Comparison of the Rv0378 gene of M. tuberculosis H₃₇Rv with PE_PGRS61, PE_PGRS33, PE_PGRS10, and PE_PGRS3 of M. tuberculosis H₃₇Rv. Identical amino acids are indicated by asterisks and the high similarity is indicated by a colon. A single dot denotes lesser similarities. Hyphens indicate gaps introduced to optimize alignment. The alignment was performed using the CLUSTAL O (1.2.4) Program. PE_PGRS pentapeptide is shown in bold and also marked by underline.

3.3 Secondary structure prediction

The secondary structure prediction analysis is done by PSIPRED shows the graphical representation of the percentage of the α-helices, β-sheets and coil region. PSIPRED server predicted to the secondary structure prediction of the protein analysis by the single amino acid sequence or FASTA format submission of the protein sequence. In Rv0378 protein, PSIPRED server predicted this protein is completely accommodating the coiled region which is clearly shown in Figure 2.

Figure 2: Secondary structure prediction of Rv0378 by PSIPRED tool.

The graphical output of PSIPRED prediction of secondary structure of the protein shows this protein have Coiled region 1-73 amino acid.

3.4 Molecular modelling

As we probably know for the protein modelling, first we retrieved the sequence for the UniProtKB ID (O53713) of Rv0378 protein which has 73 amino acid sequences. The Rv0378 protein appears as an approximate protein and had not previously studied. The Rv0378 protein modelling is based on homology modelling and it's done by I-TASSER, RaptorX and Phyre2 where the result is satisfactory. The homology modelling is done by I-TASSER threading the template by the MUSTER, FFAS-3D, SPARKS-X, HHSEARCH2, HHSEARCH I, Neff-PPAS, HHSEARCH, pGen THREADER, wdPPAS and PROSPECT2 threading programs. The threading template result shows Rv0378 protein template PDB hit is 3BOI and 2PNE whose identity is 44% coverage area of the template is 100% and the normalized z-score are 6.28 for 3BOI and 0.97 for 2PNE which is satisfactory and it’s shown in Table 2 and the top ten ranks identified structural analogues PDB of the Rv0378 is in Supplementary Table S2.

Rank	PDB Hit	Iden1	Iden 2	Cov	Norm. Z-score
1	3BOI	0.32	0.44	1.00	6.28
2	2PNE	0.34	0.44	1.00	0.97
3	2PNE	0.35	0.44	0.99	6.87
4	3BOG	0.48	0.45	0.97	1.74
5	3HR2	0.37	0.51	1.00	3.09
6	3BOI	0.32	0.44	0.99	6.34
7	5CTD	0.28	0.23	0.44	2.05
8	4DMU	0.35	0.34	0.99	1.29
9	3BOI	0.34	0.44	1.00	2.62
10	2PNE	0.34	0.44	1.00	1.16

Table 2: Threading templates used by I-TASSER.

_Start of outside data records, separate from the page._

(* Let $X$ be a compact metric space, $f:X\to X$ continuous and $x\in X$. If $\omega_f(x)$ is totally periodic and totally disconnected, then $\omega_f(x)$ is finite.
   Context: $\omega_f(x)=\{y\in X:\ \exists\, n_i\to+\infty,\ f^{n_i}(x)\to y\}$. It is totally periodic if every point $y\in\omega_f(x)$ satisfies $f^m(y)=y$ for some $m\ge1$. *)

From HB Require Import structures.
From mathcomp Require Import all_boot all_order all_algebra.
From mathcomp Require Import all_classical all_reals all_analysis.
Set Implicit Arguments. Unset Strict Implicit. Unset Printing Implicit Defensive.
Import Order.TTheory GRing.Theory Num.Theory.
Local Open Scope classical_set_scope.

Definition omega_limit {X : topologicalType} (f : X -> X) (x : X) : set X :=
  [set y | exists n : nat -> nat,
      (forall N : nat, exists M : nat, forall i : nat, (M <= i)%N -> (N <= n i)%N)
      /\ ((fun i => iter (n i) f x) @ \oo --> y)].

Definition totally_periodic {X : Type} (f : X -> X) (A : set X) : Prop :=
  forall y, A y -> exists m : nat, (1 <= m)%N /\ iter m f y = y.

From HB Require Import structures.
From mathcomp Require Import all_boot all_order all_algebra.
From mathcomp Require Import all_classical all_reals all_analysis.
Import Order.TTheory.
Local Open Scope classical_set_scope.

(* The omega-limit set [omega] of [x] is compact and cannot be split into
   two disjoint nonempty closed pieces one of which is forward invariant.  As
   [omega] is compact and totally disconnected, its relatively clopen subsets
   form a neighbourhood base, so a Baire-type argument applied to the closed
   sets [Fix (f^n)] covering [omega] gives a nonempty clopen [V] on which [f^N]
   is the identity.  The points of [omega] whose orbit meets [V] within [N]
   steps form a clopen invariant set, hence all of [omega], and periodicity
   then makes [f^N] the identity on [omega].  Running the same argument with a
   clopen neighbourhood of any [z] avoiding the finite orbit of a fixed [y] in
   [omega] shows that [z] lies on that orbit. *)

Lemma periodic_fixed_iter {T : Type} (g : T -> T) (m N j : nat) (w : T) :
  (0 < m)%N -> iter m g w = w ->
  iter N g (iter j g w) = iter j g w -> iter N g w = w.
Proof.
move=> m_gt0 gmw gNj.
have gmkw k : iter (m * k) g w = w.
  by elim: k => [|k IHk]; rewrite ?muln0 // mulnS iterD IHk gmw.
have <- : iter (m * j - j) g (iter j g w) = w.
  by rewrite -iterD subnK ?gmkw // leq_pmull.
by rewrite -iterD addnC iterD gNj.
Qed.

Lemma continuous_iter {T : topologicalType} {g : T -> T} (n : nat) :
  continuous g -> continuous (iter n g).
Proof.
move=> cg; elim: n => [|n IHn] z; first exact: cvg_id.
exact: continuous_comp (IHn z) (cg _).
Qed.

Lemma closed_fixed_points {T : topologicalType} {g : T -> T} :
  hausdorff_space T -> continuous g -> closed [set z | g z = z].
Proof.
rewrite open_hausdorff => hT cg z clz; apply: contrapT => /eqP /hT.
move=> [[U V] /= [/set_mem Ugz /set_mem Vz] [oU oV UV0]].
have nbhsUV : nbhs z (V `&` g @^-1` U).
  by apply: open_nbhs_nbhs; split; [apply: openI; [|apply: open_comp]|].
have [w [gw [Vw Ugw]]] := clz _ nbhsUV.
by move: UV0 Ugw; rewrite /= gw => /eqP/disjoints_subset/[apply].
Qed.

In model build for Rv0378 protein sequence we found top ten threading templates by I-TASSER server. The C-score is the certainty score for the model, which is from -5 to 2 where Rv0378 is -0.27 and the estimated TM-score, estimated RMSD is 0.68 ± 0.12 and 3.9 ± 2.6Å which is good enough. To find out the consensus prediction of the gene ontology of the Rv0378 protein which is done by the I-TASSER server showing molecular function, Biological process and Cellular component. The prediction of the gene ontology shows in Table 3.

The gene ontology prediction clearly shows this protein molecular function is carboxylic ester hydrolase activity with 42% accuracy and the biological process shows it is involved in the Metallo-sulfur cluster. The other homology tool RaptorX web server predicted the best template 2PNE which is also known earlier discussion in I-TASSER. The p-value of the RaptorX model structure is 8.41e-04 the overall uGDT is 56. RaptorX modelled the Rv0378 are 100% and the secondary structure is totally coiled all the 73 residues are predicted as a coil region. The result prediction by the Phyre2, template 3BOG and 2PNE confidence is 99.2 and 99 and this template is the antifreeze protein from organism Hypogastrura harveyi (H. harveyi). Finally, the displayed structure of the Rv0378 protein appears in Figure 3.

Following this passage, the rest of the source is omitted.